Segment Open
Lemma mxrank_kermxpoly_ge (q : {poly R}) :
  (n.+1 - #|[pred i : 'I_n.+1 | q.[lam i] != 0%R]| <= \rank (kermxpoly B q))%N.
Proof.
rewrite -(mxrank_map toC) map_kermxpoly /kermxpoly mxrank_ker leq_sub2l //.
rewrite spectral_decomposition_toC horner_mx_uconjC ?spectral_unit //.
apply: leq_trans (mxrankM_maxl _ _) _; apply: leq_trans (mxrankM_maxr _ _) _.
rewrite horner_mx_diag; apply: leq_trans (mxrank_diag_le _) _.
have := permP perm_spectral_diag_eigenvalues (fun z => (map_poly toC q).[z] != 0).
rewrite !count_map -!size_filter -!cardE => cntE.
rewrite (eq_card (B := fun i => (map_poly toC q).[D 0 i] != 0)) => [|i]; last first.
  by rewrite !inE mxE.
rewrite cntE; apply/eq_leq/eq_card => i.
by rewrite unfold_in /= (horner_map toC) fmorph_eq0.
Qed.

Local Notation coords x := (map_mx toC x *m invmx P).

Lemma coordsK (x : 'rV[R]_n.+1) : map_mx toC x = coords x *m P.
Proof. by rewrite mulmxKV // spectral_unit. Qed.

Lemma trmxC_toC p q (x : 'M[R]_(p, q)) : (map_mx toC x)^t* = map_mx toC x^T.
Proof. by apply/matrixP => i j; rewrite !mxE conj_real_complex. Qed.

Lemma trmxC_coords (x : 'rV[R]_n.+1) :
  (map_mx toC x)^t* = invmx P *m (coords x)^t*.
Proof.
by rewrite {1}coordsK trmx_mul map_mxM invmx_unitary ?spectral_unitarymx.
Qed.

Lemma form_coords_toC (x : 'rV[R]_n.+1) :
  toC ((x *m B *m x^T) 0 0) = \sum_i D 0 i * (coords x 0 i * (coords x 0 i)^*).
Proof.
have -> : toC ((x *m B *m x^T) 0 0) = (map_mx toC x *m BC *m (map_mx toC x)^t*) 0 0.
  by rewrite trmxC_toC -!map_mxM [RHS]mxE.
rewrite trmxC_coords {1}coordsK [in X in _ *m X *m _]spectral_decomposition_toC !mulmxA.
rewrite !(mulmxK (spectral_unit BC)) mxE; apply: eq_bigr => i _.
by rewrite mul_mx_diag !mxE mulrCA mulrA.
Qed.

Lemma norm_coords_toC (x : 'rV[R]_n.+1) :
  toC ((x *m x^T) 0 0) = \sum_i coords x 0 i * (coords x 0 i)^*.
Proof.
have -> : toC ((x *m x^T) 0 0) = (map_mx toC x *m (map_mx toC x)^t*) 0 0.
  by rewrite trmxC_toC -!map_mxM [RHS]mxE.
rewrite trmxC_coords {1}coordsK mulmxA (mulmxK (spectral_unit BC)) mxE.
by apply: eq_bigr => i _; rewrite !mxE.
Qed.
(* Let $n\ge2$, $\delta>0$, $d_0>0$, and $f,g:\mathbb{R}^3\to\mathbb{R}$ sufficiently smooth. Consider the $n$-patch model with identical diffusion rates, for $j\in\Omega=\{1,\dots,n\}$, $$\dot u_j=\delta d_0\sum_{i\in\Omega}(u_i-u_j)+f(u_j,v_j,\alpha),\qquad \dot v_j=\delta d_0\sum_{i\in\Omega}(v_i-v_j)+g(u_j,v_j,\alpha)$$ (i.e. the model with $\delta\sum_i(d_{11}(u_i-u_j)+d_{12}(v_i-v_j))$ and $\delta\sum_i(d_{21}(u_i-u_j)+d_{22}(v_i-v_j))$ where $d_{11}=d_{22}=d_0$, $d_{12}=d_{21}=0$). Suppose the kinetic system $\dot u=f(u,v,\alpha_0)$, $\dot v=g(u,v,\alpha_0)$ has a stable periodic solution $\psi(t)=(u_0(t),v_0(t))$ with minimum period $p>0$ whose Floquet multipliers are $\gamma=1$ and $\tilde\gamma\in(0,1)$. Then, with $\alpha=\alpha_0$, for sufficiently small $\delta>0$ the synchronous periodic solution $(\psi(t),\dots,\psi(t))^T$ is stable with respect to the patch model. *)

From HB Require Import structures.
From mathcomp Require Import all_boot all_order all_algebra.
From mathcomp Require Import all_classical all_reals all_analysis.
From mathcomp Require complex.
Import complex.ComplexField.
Set Implicit Arguments. Unset Strict Implicit. Unset Printing Implicit Defensive.
Import Order.TTheory GRing.Theory Num.Theory.
Import numFieldNormedType.Exports.
Local Open Scope ring_scope.

Section Defs.
Variable R : realType.

Definition jac (m : nat) (F : 'rV[R]_m -> 'rV[R]_m) (x : 'rV[R]_m) : 'M[R]_m :=
  \matrix_(i < m, j < m) derive1 (fun h : R => F (x + h *: delta_mx 0 j) 0 i) 0.

Definition C1_field (m : nat) (F : 'rV[R]_m -> 'rV[R]_m) : Prop :=
  (forall x i j, derivable (fun h : R => F (x + h *: delta_mx 0 j) 0 i) 0 1) /\
  (forall i j, continuous (fun x => jac F x i j)).

Definition is_solution (m : nat) (F : 'rV[R]_m -> 'rV[R]_m) (x : R -> 'rV[R]_m) :=
  forall t : R, is_derive t 1 x (F (x t)).

Definition min_periodic (m : nat) (x : R -> 'rV[R]_m) (p : R) : Prop :=
  0 < p /\ (forall t, x (t + p) = x t) /\
  (forall q, 0 < q -> q < p -> exists t, x (t + q) <> x t).

Definition principal_fundamental (m : nat) (F : 'rV[R]_m -> 'rV[R]_m)
    (x : R -> 'rV[R]_m) (Phi : R -> 'M[R]_m) : Prop :=
  Phi 0 = 1%:M /\ forall t : R, is_derive t 1 Phi (jac F (x t) *m Phi t).

(* The Floquet multipliers of the periodic solution x (period p) are the
   eigenvalues (with algebraic multiplicity) of the monodromy matrix Phi(p),
   i.e. the roots of its characteristic polynomial. *)
Definition floquet_charpoly (m : nat) (F : 'rV[R]_m -> 'rV[R]_m)
    (x : R -> 'rV[R]_m) (p : R) (P : {poly R}) : Prop :=
  exists Phi, principal_fundamental F x Phi /\ char_poly (Phi p) = P.

(* Stability of a periodic solution (Floquet / Andronov-Witt criterion):
   x is a p-periodic solution (minimal period p), and its Floquet multipliers
   are 1 (simple) and others of modulus < 1. *)
Definition floquet_stable (m : nat) (F : 'rV[R]_m -> 'rV[R]_m)
    (x : R -> 'rV[R]_m) (p : R) : Prop :=
  is_solution F x /\ min_periodic x p /\
  exists Q : {poly R}, floquet_charpoly F x p (('X - 1%:P) * Q) /\
    forall z : complex.complex R,
      root (map_poly (complex.real_complex R) Q) z -> `|z| < 1.

Definition kinetic (f g : R -> R -> R -> R) (a : R) (x : 'rV[R]_2) : 'rV[R]_2 :=
  \row_(k < 2) (if k == 0 then f (x 0 0) (x 0 1) a else g (x 0 0) (x 0 1) a).

Definition pair_fun (u v : R -> R) (t : R) : 'rV[R]_2 :=
  \row_(k < 2) (if k == 0 then u t else v t).

(* n-patch model; state (u_1..u_n, v_1..v_n) in R^(n+n):
   u_j' = delta sum_i (d11 (u_i - u_j) + d12 (v_i - v_j)) + f(u_j, v_j, a)
   v_j' = delta sum_i (d21 (u_i - u_j) + d22 (v_i - v_j)) + g(u_j, v_j, a). *)
Definition patch_field (n : nat) (delta d11 d12 d21 d22 : R)
    (f g : R -> R -> R -> R) (a : R) (x : 'rV[R]_(n + n)) : 'rV[R]_(n + n) :=
  let u j := x 0 (lshift n j) in
  let v j := x 0 (rshift n j) in
  row_mx
    (\row_(j < n) (delta * \sum_(i < n) (d11 * (u i - u j) + d12 * (v i - v j))
                   + f (u j) (v j) a))
    (\row_(j < n) (delta * \sum_(i < n) (d21 * (u i - u j) + d22 * (v i - v j))
                   + g (u j) (v j) a)).

Definition sync_fun (n : nat) (u v : R -> R) (t : R) : 'rV[R]_(n + n) :=
  row_mx (\row_(j < n) u t) (\row_(j < n) v t).

End Defs.

From HB Require Import structures.
From mathcomp Require Import all_boot all_order all_algebra.
From mathcomp Require Import all_classical all_reals all_analysis.
From mathcomp Require complex.
Import complex.ComplexField.
Import Order.TTheory GRing.Theory Num.Theory.
Import numFieldNormedType.Exports.
From mathcomp Require Import ring.
Set Implicit Arguments. Unset Strict Implicit. Unset Printing Implicit Defensive.
Local Open Scope ring_scope.

(* With identical diffusion rates, the Jacobian of the patch model along the
   synchronous solution is [I_2 (x) delta d0 (J - n I) + A(t) (x) I_n], where [J]
   is the all-ones matrix and [A(t)] the Jacobian of the kinetics along [psi].
   The two summands commute, so the principal fundamental matrix is
   [Phi(t) (x) exp(t delta d0 (J - n I))], and
   [exp(t delta d0 (J - n I)) = e(t) I + (1 - e(t)) J / n] with
   [e(t) = exp(-n delta d0 t)] has eigenvalues 1 (simple) and [e(t)].
   Eigenvalues of a Kronecker product are the pairwise products, so the Floquet
   multipliers of the synchronous solution are 1 and [gamma], each once, and
   [e(p)], [gamma e(p)], each [n - 1] times: all but the trivial one lie in
   (0, 1), whatever [delta > 0]. *)

Section Kronecker.
Variables (F : comNzRingType) (n : nat).

Definition blk_of (r : 'I_(n + n)) : 'I_2 := if fintype.split r is inl _ then 0 else 1.
Definition pos_of (r : 'I_(n + n)) : 'I_n := match fintype.split r with inl j | inr j => j end.

Lemma blk_of_lshift j : blk_of (lshift n j) = 0.
Proof. by rewrite /blk_of -[lshift n j]/(unsplit (inl j)) unsplitK. Qed.
Lemma blk_of_rshift j : blk_of (rshift n j) = 1.
Proof. by rewrite /blk_of -[rshift n j]/(unsplit (inr j)) unsplitK. Qed.
Lemma pos_of_lshift j : pos_of (lshift n j) = j.
Proof. by rewrite /pos_of -[lshift n j]/(unsplit (inl j)) unsplitK. Qed.
Lemma pos_of_rshift j : pos_of (rshift n j) = j.
Proof. by rewrite /pos_of -[rshift n j]/(unsplit (inr j)) unsplitK. Qed.

Definition kron_ofE := (blk_of_lshift, blk_of_rshift, pos_of_lshift, pos_of_rshift).

(* [B (x) C], where index [lshift n j] (resp. [rshift n j]) stands for the pair
   (0, j) (resp. (1, j)), as in the [row_mx] layout of [patch_field]. *)
Definition kron (B : 'M[F]_2) (C : 'M[F]_n) : 'M[F]_(n + n) :=
  \matrix_(r, s) (B (blk_of r) (blk_of s) * C (pos_of r) (pos_of s)).

Lemma mulmx_kron B C B' C' : kron B C *m kron B' C' = kron (B *m B') (C *m C').
Proof.
apply/matrixP => r s; rewrite !mxE big_split_ord /=.
under eq_bigr do rewrite !mxE !kron_ofE.
under [X in _ + X]eq_bigr do rewrite !mxE !kron_ofE.
rewrite !big_ord_recr big_ord0 /= add0r mulrDl !big_distrr /=.
congr (_ + _); apply: eq_bigr => j _;
  by rewrite mulrACA; congr (B _ _ * B' _ _ * _); apply: val_inj.
Qed.

Lemma kron1 : kron 1%:M 1%:M = 1%:M.
Proof.
apply/matrixP => r s; rewrite !mxE.
case: (split_ordP r) => j ->; case: (split_ordP s) => k ->;
  by rewrite !kron_ofE ?eq_lshift ?eq_rshift ?eq_lrshift ?eq_rlshift ?mul0r ?mul1r.
Qed.

Lemma kron_trig B C : is_trig_mx B -> is_trig_mx C -> is_trig_mx (kron B C).
Proof.
move=> /is_trig_mxP trigB /is_trig_mxP trigC; apply/is_trig_mxP => r s.
rewrite mxE; case: (split_ordP r) => j ->; case: (split_ordP s) => k ->;
  rewrite !kron_ofE /= => lt_rs.
- by rewrite trigC ?mulr0.
- by rewrite trigB ?mul0r.
- by move: lt_rs; rewrite ltnNge (leq_trans (ltnW (ltn_ord k))) ?leq_addr.
- by rewrite trigC ?mulr0 // -(ltn_add2l n).
Qed.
Segment Closed
Problem to work on> In the entries above, the lines between the one holding "Variable R : realType." and the one holding "u_j' = delta", inclusive, are to be printed exactly as written, and those alone.

Output>
Variable R : realType.

Definition jac (m : nat) (F : 'rV[R]_m -> 'rV[R]_m) (x : 'rV[R]_m) : 'M[R]_m :=
  \matrix_(i < m, j < m) derive1 (fun h : R => F (x + h *: delta_mx 0 j) 0 i) 0.

Definition C1_field (m : nat) (F : 'rV[R]_m -> 'rV[R]_m) : Prop :=
  (forall x i j, derivable (fun h : R => F (x + h *: delta_mx 0 j) 0 i) 0 1) /\
  (forall i j, continuous (fun x => jac F x i j)).

Definition is_solution (m : nat) (F : 'rV[R]_m -> 'rV[R]_m) (x : R -> 'rV[R]_m) :=
  forall t : R, is_derive t 1 x (F (x t)).

Definition min_periodic (m : nat) (x : R -> 'rV[R]_m) (p : R) : Prop :=
  0 < p /\ (forall t, x (t + p) = x t) /\
  (forall q, 0 < q -> q < p -> exists t, x (t + q) <> x t).

Definition principal_fundamental (m : nat) (F : 'rV[R]_m -> 'rV[R]_m)
    (x : R -> 'rV[R]_m) (Phi : R -> 'M[R]_m) : Prop :=
  Phi 0 = 1%:M /\ forall t : R, is_derive t 1 Phi (jac F (x t) *m Phi t).

(* The Floquet multipliers of the periodic solution x (period p) are the
   eigenvalues (with algebraic multiplicity) of the monodromy matrix Phi(p),
   i.e. the roots of its characteristic polynomial. *)
Definition floquet_charpoly (m : nat) (F : 'rV[R]_m -> 'rV[R]_m)
    (x : R -> 'rV[R]_m) (p : R) (P : {poly R}) : Prop :=
  exists Phi, principal_fundamental F x Phi /\ char_poly (Phi p) = P.

(* Stability of a periodic solution (Floquet / Andronov-Witt criterion):
   x is a p-periodic solution (minimal period p), and its Floquet multipliers
   are 1 (simple) and others of modulus < 1. *)
Definition floquet_stable (m : nat) (F : 'rV[R]_m -> 'rV[R]_m)
    (x : R -> 'rV[R]_m) (p : R) : Prop :=
  is_solution F x /\ min_periodic x p /\
  exists Q : {poly R}, floquet_charpoly F x p (('X - 1%:P) * Q) /\
    forall z : complex.complex R,
      root (map_poly (complex.real_complex R) Q) z -> `|z| < 1.

Definition kinetic (f g : R -> R -> R -> R) (a : R) (x : 'rV[R]_2) : 'rV[R]_2 :=
  \row_(k < 2) (if k == 0 then f (x 0 0) (x 0 1) a else g (x 0 0) (x 0 1) a).

Definition pair_fun (u v : R -> R) (t : R) : 'rV[R]_2 :=
  \row_(k < 2) (if k == 0 then u t else v t).

(* n-patch model; state (u_1..u_n, v_1..v_n) in R^(n+n):
   u_j' = delta sum_i (d11 (u_i - u_j) + d12 (v_i - v_j)) + f(u_j, v_j, a)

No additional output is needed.